Lo sforzo di Cole consiste allora nel sottolineare il pregiudizio dello sguardo, il cliché automatizzato, reso invisibile dall’abitudine, e per questo ancora più subdolo. Affidandosi a una scrittura accurata, a descrizioni dettagliate, minuziose, che smontano e rimontano un libro, una fotografia, una situazione, Cole cerca di mettere un argine alla forza distruttiva dei cliché, di rivelare l’intenzione dietro a uno sguardo o a una composizione di parole. Questa attenzione si vede ad esempio nel saggio dal titolo “Ritratto di signora”. Cole paragona le foto scattate in Africa occidentale per uso privato da fotografi locali e quelle realizzate dagli antropologi europei tra l’Ottocento e il Novecento. La differenza si nota in particolare nei ritratti delle donne:
Un’opera di Sidibé in particolare mi affascina sempre: una donna sola, in piedi, in blusa senza maniche e gonna alla caviglia. Porta i sandali, orecchini pendenti, i capelli legati in piccole trecce compatte sul cranio. Lo sguardo che rivolge alla macchina fotografica è diretto. In effetti, non è del tutto sola: alla sua sinistra si intravedono la spalla e il braccio di un uomo. Vediamo anche la scarpa e la gamba destra, ma il resto è stato cancellato durante la stampa. Sul bordo di carta marroncina che incornicia la fotografia si legge: “Je veux être seule. 1979 – Malick Sidibé”.
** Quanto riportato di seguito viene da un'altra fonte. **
Lemma wronskian_reflect_scale (ps : seq (R * (R -> R))) eta :
  wronskian (map reflect_scale ps) (- eta)
  = (-1) ^+ 'C(size ps, 2) * \prod_(p <- ps) p.1 * wronskian (map snd ps) eta.
Proof.
rewrite /wronskian !size_map; set n := size ps.
pose p0 : R * (R -> R) := (0, fun _ => 0).
have -> : \matrix_(j < n, k < n) derive1n j (nth (fun _ => 0) (map reflect_scale ps) k) (- eta)
   = diag_mx (\row_(j < n) (-1) ^+ j)
     *m (\matrix_(j < n, k < n) derive1n j (nth (fun _ => 0) (map snd ps) k) eta)
     *m diag_mx (\row_(k < n) (nth p0 ps k).1).
  apply/matrixP => j k; rewrite mul_mx_diag mul_diag_mx !mxE.
  by rewrite !(nth_map p0) // derive1n_scale_compN opprK mulrAC.
rewrite !det_mulmx !det_diag.
have -> : \prod_(j < n) (\row_(j < n) (-1) ^+ j : 'rV[R]_n) 0 j = (-1) ^+ 'C(n, 2).
  by under eq_bigr => j _ do rewrite mxE; rewrite prodrXr -bin2_sum big_mkord.
rewrite (eq_bigr (fun k : 'I_n => (nth p0 ps k).1)) => [|k _]; last by rewrite mxE.
by rewrite -(big_mkord xpredT (fun k => (nth p0 ps k).1)) -(big_nth p0 xpredT) mulrAC.
Qed.

End Wronskian.

Section SeedReflection.
Variables (R : realType) (g h : R).

Definition reflect_seed (l : nat * stype) : R * (R -> R) :=
  ((-1) ^+ l.1, mu h g (l.1, sflip l.2)).

Lemma mu_reflect l : mu g h l = reflect_scale (reflect_seed l).
Proof.
case: l => v [] /=; rewrite funeqE => y.
  by rewrite /reflect_scale /reflect_seed /mu /= opprK jacobiPN [RHS]mulrCA signrMK.
by rewrite /reflect_scale /reflect_seed /mu /= jacobiPN [RHS]mulrCA signrMK.
Qed.

Lemma Pn_reflect n : Pn g h n = reflect_scale ((-1) ^+ n, Pn h g n).
Proof.
by rewrite funeqE => y; rewrite /reflect_scale /Pn /= jacobiPN signrMK.
Qed.
(* There exist a finite alphabet $\Sigma$ and a set $L\subseteq\mathcal{T}_\Sigma$ of infinite $\Sigma$-labeled binary trees recognized by a deterministic automaton such that $\mu(L)$ is an irrational number.
   Context: The full binary tree is $V=\{L,R\}^*$ (root $\epsilon$). A $\Sigma$-tree is a map $t:V\to\Sigma$, and $\mathcal{T}_\Sigma=\Sigma^V$. The coin-flipping measure $\mu$ on $\mathcal{T}_\Sigma$ is the product probability measure with $\mu(\{t : t(v_1)=a_1,\dots,t(v_k)=a_k\})=|\Sigma|^{-k}$ for pairwise distinct $v_i$. An alternating parity tree automaton is $\mathcal{A}=\langle\Sigma,Q,q_0,\delta,\pi\rangle$ with finite $Q$, $q_0\in Q$, $\pi:Q\to\omega$ and $\delta(q,a)$ a positive Boolean combination (using $\wedge,\vee$) of elements of $\{L,R\}\times Q$. A tree $t$ is accepted if player $\exists$ wins the game starting at $\langle\epsilon,q_0\rangle$ in which: from $\langle x,q\rangle$ the game moves to $\langle x,\delta(q,t(x))\rangle$; at a disjunction $\exists$ chooses a disjunct, at a conjunction $\forall$ chooses a conjunct; $\langle x,(D,q)\rangle$ moves to $\langle xD,q\rangle$ for $D\in\{L,R\}$; an infinite play is won by $\exists$ iff the largest priority $\pi(q)$ among states $q$ visited infinitely often (in positions $\langle x,q\rangle$) is even. A deterministic automaton is one in which every $\delta(q,a)$ has the form $(L,q_L)\wedge(R,q_R)$. *)

From Stdlib Require Import Reals ZArith.
From mathcomp Require Import all_boot.
Definition fhv : finType := {v : hv G & hv (eta (hlab v))}.
Definition fwit : fhv := existT _ (hv_wit G) (hv_wit (eta (hlab (hv_wit G)))).
Definition flab (p : fhv) : Sig := hlab (tagged p).

Definition fsplit (c : cornerT arS flab) : {v : hv G & corner (eta (hlab v))} :=
  existT _ (tag (tag c)) (existT _ (tagged (tag c)) (tagged c)).

(* port number of w[i] in eta(lab v), seen as a corner v[j] of G *)
Definition gcorner (s : {v : hv G & corner (eta (hlab v))}) : corner G :=
  existT _ (tag s) (hport (tagged s)).

Definition fedge (c c' : cornerT arS flab) : bool :=
  let s := fsplit c in let s' := fsplit c' in
  ((tag s == tag s') && hedge (tagged s) (tagged_as s s'))
  || hedge (gcorner s) (gcorner s').

Definition fport (c : cornerT arS flab) : 'I_n := hport (gcorner (fsplit c)).

Definition hflatten : hg arS n := @HG Sig arS n fhv fwit flab fedge fport.
End Flatten.

Record model (U : Type) := Model {
  mu : finType;
  mE : mu -> mu -> bool;
  mP : U -> mu -> bool }.
Arguments mE {U} A _ _ : rename.
Arguments mP {U} A _ _ : rename.
Arguments mu {U} A : rename.

(** unary predicate symbols of [floor K] for [K] of arity [n]:
    [inl (a, i)] selects the i-th corners of hypervertices labelled a,
    [inr k] selects the k-ports. *)
Definition sigU (Sig : finType) (arS : Sig -> nat) (n : nat) : Type :=
  ({a : Sig & 'I_(arS a)} + 'I_n)%type.

Definition floor (Sig : finType) (arS : Sig -> nat) n (K : hg arS n)
  : model (sigU arS n) :=
  @Model _ (corner K) (@hedge _ _ _ K)
    (fun (u : sigU arS n) (c : corner K) => match u with
     | inl ai => (hlab (tag c) == tag ai) && (nat_of_ord (tagged c) == nat_of_ord (tagged ai))
     | inr k => hport c == k end).

Definition miso U (A B : model U) : Prop :=
  exists h : mu A -> mu B, bijective h /\
    (forall x y, mE B (h x) (h y) = mE A x y) /\
    (forall u x, mP B u (h x) = mP A u x).

Section MSO.
Variable U : Type.

(* quantifier-free formulas psi(x) in the single first-order variable x *)
Inductive qf1 :=
| QTrue | QE | QP of U | QNot of qf1 | QAnd of qf1 & qf1.

Inductive sterm := SVar of nat | SConst of qf1.

Inductive form :=
| FE of nat & nat
| FP of U & nat
| FEq of nat & nat
| FIn of nat & sterm
| FMod of nat & nat & sterm
| FSub of sterm & sterm
| FSing of sterm
| FNot of form
| FAnd of form & form
| FEx1 of nat & form
| FEx2 of nat & form.

Fixpoint qr (f : form) : nat :=
  match f with
  | FNot g => qr g
  | FAnd g h => maxn (qr g) (qr h)
  | FEx1 _ g | FEx2 _ g => (qr g).+1
  | _ => 0
  end.

Fixpoint mods_in (M : nat -> Prop) (f : form) : Prop :=
  match f with
  | FMod _ m _ => M m
  | FNot g => mods_in M g
  | FAnd g h => mods_in M g /\ mods_in M h
  | FEx1 _ g | FEx2 _ g => mods_in M g
  | _ => True
  end.

Definition sbound (b2 : nat -> bool) (Y : sterm) : bool :=
  match Y with SVar X => b2 X | SConst _ => true end.

(* all free variables of f are among b1 (first-order) / b2 (second-order) *)
Fixpoint wsc (b1 b2 : nat -> bool) (f : form) : bool :=
  match f with
  | FE x y | FEq x y => b1 x && b1 y
  | FP _ x => b1 x
  | FIn x Y => b1 x && sbound b2 Y
  | FMod _ _ Y | FSing Y => sbound b2 Y
  | FSub Y Z => sbound b2 Y && sbound b2 Z
  | FNot g => wsc b1 b2 g
  | FAnd g h => wsc b1 b2 g && wsc b1 b2 h
  | FEx1 x g => wsc (fun z => (z == x) || b1 z) b2 g
  | FEx2 X g => wsc b1 (fun z => (z == X) || b2 z) g
  end.

Definition sentence (f : form) : bool := wsc (fun _ => false) (fun _ => false) f.

Variable A : model U.

Fixpoint qsat (t : mu A) (p : qf1) : bool :=
  match p with
  | QTrue => true
  | QE => mE A t t
  | QP u => mP A u t
  | QNot q => ~~ qsat t q
  | QAnd q r => qsat t q && qsat t r
  end.

Definition sval (e2 : nat -> {set mu A}) (Y : sterm) : {set mu A} :=
  match Y with SVar X => e2 X | SConst p => [set t | qsat t p] end.

Fixpoint sat (e1 : nat -> option (mu A)) (e2 : nat -> {set mu A}) (f : form)
  : Prop :=
  match f with
  | FE x y => match e1 x, e1 y with Some a, Some b => mE A a b | _, _ => False end
  | FP u x => match e1 x with Some a => mP A u a | None => False end
  | FEq x y => match e1 x, e1 y with Some a, Some b => a = b | _, _ => False end
  | FIn x Y => match e1 x with Some a => a \in sval e2 Y | None => False end
  | FMod k m Y => #|sval e2 Y| = k %[mod m]
  | FSub Y Z => sval e2 Y \subset sval e2 Z
  | FSing Y => #|sval e2 Y| = 1
  | FNot g => ~ sat e1 e2 g
  | FAnd g h => sat e1 e2 g /\ sat e1 e2 h
  | FEx1 x g => exists t : mu A,
      sat (fun z => if z == x then Some t else e1 z) e2 g
  | FEx2 X g => exists S : {set mu A},
      sat e1 (fun z => if z == X then S else e2 z) g
  end.

Definition holds (f : form) : Prop := sat (fun _ => None) (fun _ => set0) f.
End MSO.

Definition rM_equiv U (r : nat) (M : nat -> Prop) (A B : model U) : Prop :=
  forall f : form U, sentence f -> qr f <= r -> mods_in M f ->
    (holds A f <-> holds B f).

(** A model is in the image of floor on elements of V Sigma of arity k
    (up to isomorphism, since V Sigma consists of isomorphism classes). *)
Definition in_floor_image (Sig : finType) (arS : Sig -> nat) (k : nat)
  (A : model (sigU arS k)) : Prop :=
  exists K : hg arS k, miso A (floor K).

(* The operation glues component models along G: its elements are pairs (v, c) of a
   hypervertex v of G and an element c of the model at the label of v; besides the edges
   inside components, a j-port of component v is joined to a j'-port of component v' whenever
   v[j] -> v'[j'] in G, and the k-ports are the j-ports of components v with v[j] a k-port of
   G.  On floors this is the floor of the flattening, up to reassociating pairs.
   Compatibility is a Feferman-Vaught argument, valid for arbitrary component models: the truth
   of a formula of rank <= r in the glued model under an assignment only depends on the
   (r, M)-types of the components under the restricted assignments.  Atoms reduce to rank-0
   facts about the components (set cardinalities add up over components, so the modular and
   singleton predicates reduce too), and quantifiers are handled by the back-and-forth property
   of (r+1, M)-equivalence, which holds because over a finite model the formulas separating a
   witness from every candidate can be conjoined into a single one. *)

From Pilot Require Import Defs.
From mathcomp Require Import all_boot zify.
From Stdlib Require Import Classical FunctionalExtensionality Setoid.
From Stdlib Require Import IndefiniteDescription ChoiceFacts.
Set Implicit Arguments. Unset Strict Implicit. Unset Printing Implicit Defensive.

Notation fo_env C := (nat -> option (mu C)).
Notation so_env C := (nat -> {set mu C}).

Definition upd (T : Type) (e : nat -> T) (x : nat) (a : T) : nat -> T :=
  fun z => if z == x then a else e z.

Section CountingMSO.
Variable U : Type.
Implicit Types (C D : model U) (f g : form U).

Definition QFalse : qf1 U := QNot (QTrue U).
Definition QOr (q q' : qf1 U) : qf1 U := QNot (QAnd (QNot q) (QNot q')).
Definition bigor (s : seq (qf1 U)) : qf1 U := foldr QOr QFalse s.
Definition FFalse : form U := FSing (SConst QFalse).

Lemma qsat_bigor C t s : qsat (A:=C) t (bigor s) = has (qsat t) s.
Proof. by elim: s => //= q s IH; rewrite negb_and !negbK IH. Qed.

Lemma qsat_bigor_enum C t (T : finType) (P : pred T) (F : T -> qf1 U) :
  qsat (A:=C) t (bigor [seq F i | i <- enum T & P i]) = [exists i, P i && qsat t (F i)].
Proof.
rewrite qsat_bigor has_map; apply/hasP/existsP => [[i]|[i /andP[Pi Fi]]].
  by rewrite mem_filter => /andP[Pi _] Fi; exists i; rewrite Pi.
by exists i; rewrite // mem_filter Pi mem_enum.
Qed.

Lemma sat_FFalse C e1 e2 : ~ sat (A:=C) e1 e2 FFalse.
Proof. by rewrite /= cards0. Qed.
Le considerazioni sullo sguardo e sulla fotografia devono molto a John Berger, che non a caso è citato in uno dei saggi (citando una discussione con una guardia della National Gallery di Londra, Cole approfondisce il rapporto tra disegno e testo nelle opere del filosofo inglese). Questo meccanismo non si limita alla fotografia o la scrittura, ma investe tutte le sfere dell’arte: lo sguardo esclude e accoglie, evidenzia e nasconde. Uno sguardo neutrale non è possibile, ma una volta accettato criticamente questo fatto, si apre la possibilità di altri mondi. A ogni opera ne corrisponde un’altra, potenziale e non realizzata. Come scrive Cole, sempre nell’introduzione:
Negli anni in cui ho scritto questi saggi, ho riflettuto molto sulla poesia, la musica, la pittura, ho viaggiato in decine di paesi e conosciuto molti artisti interessanti di cui non ho scritto, o di cui ho scritto qualcosa che però mi ha lasciato insoddisfatto. C’è un altro libro possibile, che contiene tutto ciò che non è incluso in questo.